My incredibly tactless uncle whom I mentioned earlier had two boys and one of them, named Kenny, was like a brother to me growing up. And as you can imagine, after so many circumstances in his life, Kenny spent 25 years going down all kinds of cul-de-sac roads of drugs and drinking and left some children born, not in a marriage situation, who were very developmentally and physically deformed, probably because of his drug use. He left a long string of pain. There were days and weeks and months we didn't know whether he was dead or alive.
And of all the people in his life, my grandmother left a light on for that boy. And it wasn't until a few years after she died that that prodigal cousin of mine whom I love like a brother came back and for the last ten years, loves God and tells other people whom he knows who have a prodigal son in their lives, "You can't fix this. It's not your job to fix it. It's your job to leave a light on." And you might have been the younger son or are the younger son and you need to hear this warning. There is no distance you can travel from God that there isn't joyous restoration in your return.
You might know a younger son. It might be a child of yours. It might be a pain, the likes of which you've never experienced before and you feel almost like a wild animal without hope. And this story is for you, that of the two characters, the one who seemed the farthest away from God was actually not the one who was the most lost. And your challenge is…How do you love well? And how do you leave a light on for someone when you don't know whether or not they'll ever come back?
And then maybe the question for all of us collectively as a community that's just as important is…What kind of church will we be? Will we be the kind of church where people feel that unless they're cleaned up and have their lives together, they're not welcome here? Or will we be a community that smiles easily when we see the younger brother, that isn't shocked at all and has grace and welcoming whether they're in the middle of their story or repentant? And will we be those kinds of people here in this church and at Pete's and in our neighborhood and with our families and in our workplaces where our gravitational pull isn't away from that rebel, but toward them, like Jesus?
Because Jesus wasn't only the shepherd and the woman. He's the father in this story, but He's also the younger son. He became a prodigal son for our sake and left His Father's estate for a distant country.

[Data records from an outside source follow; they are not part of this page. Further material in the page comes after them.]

Lemma refute_neg_and S x y : S (Neg (And x y)) ->
  C (add1 S (Neg x)) = fullset -> C (add1 S (Neg y)) = fullset ->
  C S = fullset.
Proof.
  intros Hxy Hnx Hny.
  assert (Hx : C S x) by now apply C_neg2.
  rewrite <- (C_add1_conseq S x Hx).
  assert (Hy : C (add1 S x) y).
  { apply C_neg2, (full_subset (add1 S (Neg y))); [|exact Hny].
    intros z [Hz | ->]; [left; left; exact Hz | now right]. }
  rewrite <- (C_add1_conseq _ y Hy).
  apply (full_subset (add2 S x y)).
  - intros z [Hz | [-> | ->]]; [left; left; exact Hz | left; now right | now right].
  - rewrite <- C_and. apply (refute_complementary _ (And x y)); [now right | now left].
Qed.

Lemma refute_literals l S : (forall f, In f l -> literal f) ->
  unsat l -> (forall x, In x l -> S x) -> C S = fullset.
Proof.
  intros Hlit Hl HS.
  destruct (classic (exists m, In (Var m) l /\ In (Neg (Var m)) l))
    as [(m & Hm & Hnm) | Hcons].
  - apply (refute_complementary S (Var m)); apply HS; assumption.
  - destruct (literals_sat l Hlit) as [v Hv]; [|exfalso; exact (Hl v Hv)].
    intros m Hm Hnm. apply Hcons. now exists m.
Qed.

Lemma refute_unsat l S :
  unsat l -> (forall x, In x l -> S x) -> C S = fullset.
Proof.
  revert S.
  induction l as [l IH] using (well_founded_ind (well_founded_ltof _ lsize)).
  intros S Hl HS.
  destruct (classic (exists f, In f l /\ ~ literal f)) as [(f & Hf & Hnl) | Hlit].
  - destruct (in_split_lsize f l Hf) as (r & Hsize & Hmem).
    (* the tableau rule replaces [f] by a list [l'] of smaller formulas *)
    assert (IHf : forall l' S', lsize l' < fsize f ->
              (forall v, sat v l' -> eval v f = true) ->
              (forall x, In x l' -> S' x) -> subset S S' -> C S' = fullset).
    { intros l' S' Hlt Hf' Hl' HSS'. apply (IH (l' ++ r)).
      - unfold ltof, lsize in *. rewrite map_app, list_sum_app. lia.
      - intros v Hv. apply sat_app in Hv as [Hv' Hr]. apply (Hl v).
        intros z Hz. apply Hmem in Hz as [-> | Hz]; [exact (Hf' v Hv') | exact (Hr z Hz)].
      - intros x Hx. apply in_app_iff in Hx as [Hx | Hx]; [exact (Hl' x Hx)|].
        apply HSS', HS, Hmem; now right. }
    assert (HSf : S f) by exact (HS f Hf).
    destruct f as [m | [m | x | x y] | x y]; try (exfalso; exact (Hnl I)).
    + apply (refute_neg_neg S x HSf), (IHf [x]); unfold lsize; simpl; try lia.
      * intros v Hv. rewrite (Hv x) by now left. reflexivity.
      * intros z [<- | []]; now right.
      * intros z Hz; now left.
    + apply (refute_neg_and S x y HSf).
      * apply (IHf [Neg x]); unfold lsize; simpl; try lia.
        -- intros v Hv. generalize (Hv _ (or_introl eq_refl)). simpl.
           destruct (eval v x); easy.
        -- intros z [<- | []]; now right.
        -- intros z Hz; now left.
      * apply (IHf [Neg y]); unfold lsize; simpl; try lia.
        -- intros v Hv. generalize (Hv _ (or_introl eq_refl)). simpl.
           destruct (eval v x), (eval v y); easy.
        -- intros z [<- | []]; now right.
        -- intros z Hz; now left.
    + apply (refute_and S x y HSf), (IHf [x; y]); unfold lsize; simpl; try lia.
      * intros v Hv. rewrite (Hv x), (Hv y) by (simpl; auto). reflexivity.
      * intros z [<- | [<- | []]]; right; [now left | now right].
      * intros z Hz; now left.
  - apply (refute_literals l); [|assumption..].
    intros f Hf. apply NNPP. intros Hnl. apply Hlit. now exists f.
Qed.

Lemma refute_entails a b S :
  entails a b -> S a -> S (Neg b) -> C S = fullset.
Proof.
  intros Hab Ha Hb. apply (refute_unsat [a; Neg b]).
  - intros v Hv. specialize (Hab v (Hv a (or_introl eq_refl))).
    specialize (Hv (Neg b) (or_intror (or_introl eq_refl))). simpl in Hv.
    rewrite Hab in Hv. discriminate.
  - intros x [<- | [<- | []]]; assumption.
Qed.

Lemma entails_conseq a b S : entails a b -> S a -> C S b.
Proof.
  intros Hab Ha. apply C_neg2, (refute_entails a b); [exact Hab | now left | now right].
Qed.

End Refutation.

Definition fin_conseq : Operation := fun A x =>
  exists l, (forall y, In y l -> A y) /\ forall v, sat v l -> eval v x = true.

Lemma fin_conseq_sound S x v :
  fin_conseq S x -> (forall z, S z -> eval v z = true) -> eval v x = true.
Proof. intros (l & Hl & Hx) HS. apply Hx. intros z Hz. apply HS, Hl, Hz. Qed.

Lemma premises_split A P l : (forall y, In y l -> union A P y) ->
  exists l', (forall y, In y l' -> A y) /\
    forall v, sat v l' -> (forall z, P z -> eval v z = true) -> sat v l.
Proof.
  induction l as [|x l IH]; intros Hl.
  - exists []. split; [intros y []|]. intros v _ _ f [].
  - destruct IH as (l' & HA & Hsat); [intros y Hy; apply Hl; now right|].
    destruct (Hl x (or_introl eq_refl)) as [Hx | Hx].
    + exists (x :: l'). split; [intros y [<- | Hy]; auto|].
      intros v Hv HP f [<- | Hf]; [apply Hv; now left|].
      apply (Hsat v); auto. intros z Hz; apply Hv; now right.
    + exists l'. split; [exact HA|].
      intros v Hv HP f [<- | Hf]; [exact (HP x Hx) | exact (Hsat v Hv HP f Hf)].
Qed.

Lemma fin_conseq_union A P x : fin_conseq (union A P) x ->
  exists l, (forall y, In y l -> A y) /\
    forall v, sat v l -> (forall z, P z -> eval v z = true) -> eval v x = true.
Proof.
  intros (l & Hl & Hx). destruct (premises_split A P l Hl) as (l' & HA & Hsat).
  exists l'. split; [exact HA|]. intros v Hv HP. exact (Hx v (Hsat v Hv HP)).
Qed.

Lemma fin_conseq_list A l : (forall y, In y l -> fin_conseq A y) ->
  exists l', (forall y, In y l' -> A y) /\ forall v, sat v l' -> sat v l.
Proof.
  induction l as [|x l IH]; intros Hl.
  - exists []. split; [intros y []|]. intros v _ f [].
  - destruct IH as (l' & HA & Hsat); [intros y Hy; apply Hl; now right|].
    destruct (Hl x (or_introl eq_refl)) as (lx & Hlx & Hx).
    exists (lx ++ l'). split.
    + intros y Hy. apply in_app_iff in Hy as [Hy | Hy]; auto.
    + intros v Hv. apply sat_app in Hv as [Hvx Hv].
      intros f [<- | Hf]; [exact (Hx v Hvx) | exact (Hsat v Hv f Hf)].
Qed.

Lemma fin_conseq_incl : Inclusion fin_conseq.
Proof.
  intros A x Hx. exists [x]. split; [intros y [<- | []]; exact Hx|].
  intros v Hv. apply Hv. now left.
Qed.

Lemma fin_conseq_idem : Idempotence fin_conseq.
Proof.
  intros A. apply fset_ext; intros x. split; [|apply fin_conseq_incl].
  intros (l & Hl & Hx). destruct (fin_conseq_list A l Hl) as (l' & HA & Hsat).
  exists l'. split; [exact HA|]. intros v Hv. exact (Hx v (Hsat v Hv)).
Qed.

Lemma fin_conseq_mono : Monotonicity fin_conseq.
Proof. intros A B HAB x (l & Hl & Hx). exists l. split; auto. Qed.

Lemma fin_conseq_wcompact : WeakCompactness fin_conseq.
Proof.
  intros A HA.
  assert (Hbot : fin_conseq A (And (Var 0) (Neg (Var 0)))) by (rewrite HA; exact I).
  destruct Hbot as (l & Hl & Hbot).
  exists (fun x => In x l). split; [now exists l|]. split; [exact Hl|].
  apply fset_ext; intros x. split; intros _; [exact I|].
  exists l. split; [auto|]. intros v Hv. specialize (Hbot v Hv). simpl in Hbot.
  destruct (v 0); discriminate.
Qed.

Lemma fin_conseq_and : AndR fin_conseq.
Proof.
  intros A a b. apply fset_ext; intros x. split.
  - intros Hx. destruct (fin_conseq_union A _ x Hx) as (l & Hl & Hsat).
    exists (a :: b :: l). split.
    + intros y [<- | [<- | Hy]]; [right; now left | right; now right | left; auto].
    + intros v Hv. apply Hsat; [intros z Hz; apply Hv; now right; right|].
      intros z ->. simpl. rewrite (Hv a), (Hv b); simpl; auto.
  - intros Hx. destruct (fin_conseq_union A _ x Hx) as (l & Hl & Hsat).
    exists (And a b :: l). split.
    + intros y [<- | Hy]; [now right | left; auto].
    + intros v Hv. apply Hsat; [intros z Hz; apply Hv; now right|].
      specialize (Hv _ (or_introl eq_refl)). simpl in Hv.
      apply andb_prop in Hv as [Ha Hb]. intros z [-> | ->]; assumption.
Qed.

Lemma fin_conseq_neg1 : NegR1 fin_conseq.
Proof.
  intros A a. apply fset_ext; intros x. split; intros _; [exact I|].
  exists [a; Neg a]. split; [intros y [<- | [<- | []]]; right; [now left | now right]|].
  intros v Hv. exfalso.
  generalize (Hv a (or_introl eq_refl)) (Hv (Neg a) (or_intror (or_introl eq_refl))).
  simpl. destruct (eval v a); easy.
Qed.

Lemma fin_conseq_neg2 : NegR2 fin_conseq.
Proof.
  intros A a H.
  assert (Ha : fin_conseq (add1 A (Neg a)) a) by (rewrite H; exact I).
  destruct (fin_conseq_union A _ a Ha) as (l & Hl & Hsat).
  exists l. split; [exact Hl|]. intros v Hv.
  destruct (eval v a) eqn:E; [reflexivity|]. rewrite <- E.
  apply Hsat; [exact Hv|]. intros z ->. simpl. now rewrite E.
Qed.

Lemma fin_conseq_classI : classI fin_conseq.
Proof.
  exact (conj fin_conseq_incl (conj fin_conseq_idem (conj fin_conseq_mono
    (conj fin_conseq_wcompact (conj fin_conseq_and
    (conj fin_conseq_neg1 fin_conseq_neg2)))))).
Qed.

Lemma classI_classII C : classI C -> classII C.
Proof.
  intros (Hincl & Hidem & Hmono & Hwc & Hand & Hneg1 & Hneg2).
  repeat split; try assumption.
  intros A B HAB HBA. apply fset_ext; intros x. split; intros Hx.
  - exact (Hmono A B HAB x Hx).
  - rewrite <- Hidem. exact (Hmono B (C A) HBA x Hx).
Qed.

Theorem theorem5 (a b : form) :
  (entails a b <-> (forall C : Operation, classI C -> C (sing a) b)) /\
  (entails a b <-> (forall C : Operation, classII C -> C (sing a) b)) /\
  (entails a b <-> (forall C : Operation, classII C ->
                      forall A : fset, C (add1 A a) b)) /\
  (entails a b <-> (forall C : Operation, classII C ->
                      C (pair a (Neg b)) = fullset)).
Proof.
  assert (sound : forall C, classII C -> entails a b ->
            (forall S, S a -> C S b) /\ C (pair a (Neg b)) = fullset).
  { intros C (Hincl & Hcum & _ & Hand & Hneg1 & Hneg2) Hab. split.
    - intros S. now apply entails_conseq.
    - apply (refute_entails C Hincl Hcum Hand Hneg1 Hneg2 a b); [exact Hab | now left | now right]. }
  assert (complete : forall S, (forall z, S z -> z = a) -> fin_conseq S b -> entails a b).
  { intros S HS Hb v Ha. apply (fin_conseq_sound S b v Hb). intros z Hz. now rewrite (HS z Hz). }
  pose proof (classI_classII _ fin_conseq_classI) as fin_conseq_classII.
  split; [|split; [|split]]; split.
  - intros Hab C HC. apply (sound C (classI_classII C HC) Hab). reflexivity.
  - intros H. apply (complete (sing a)); [easy | exact (H _ fin_conseq_classI)].
  - intros Hab C HC. apply (sound C HC Hab). reflexivity.
  - intros H. apply (complete (sing a)); [easy | exact (H _ fin_conseq_classII)].
  - intros Hab C HC A. apply (sound C HC Hab). now right.
  - intros H. apply (complete (add1 (fun _ => False) a)); [intros z [[] | Hz]; exact Hz|].
    exact (H _ fin_conseq_classII _).
  - intros Hab C HC. exact (proj2 (sound C HC Hab)).
  - intros H v Ha. destruct (eval v b) eqn:Eb; [reflexivity|]. rewrite <- Eb.
    apply (fin_conseq_sound (pair a (Neg b))); [rewrite (H _ fin_conseq_classII); exact I|].
    intros z [-> | ->]; simpl; [exact Ha | now rewrite Eb].
Qed.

And He gave up all He had and He returned home through the Cross so you and I, whether we are the elder brother or the younger brother, are kind of like atheists because we embrace a faith that doesn't require us to obey in order to be good enough, but a faith that causes us to respond to a God who says, "You are good enough because of My work on the Cross and you are accepted." That ought to radically change who we are on a regular basis and I hope next week, we have some ushers with some crash helmets back there.
Let's pray: Father, for myself and all of us in this room, I ask that we would understand the kind of grace You give us, that when our failings happen on a daily basis, we would understand how radically forgiven we are, that we would come to understand the gospel in a way that takes our breath away and allows us not only to experience your grace, but then to easily offer it to other people. I pray You would become in our hearts and our minds the amazingly good God You are in reality and that we would live with an ease of forgiving each other and forgiving ourselves and repenting often. I thank You for this series of three stories that show us what kind of a God You are. I thank You for all of this in the Son's name, Jesus, Amen.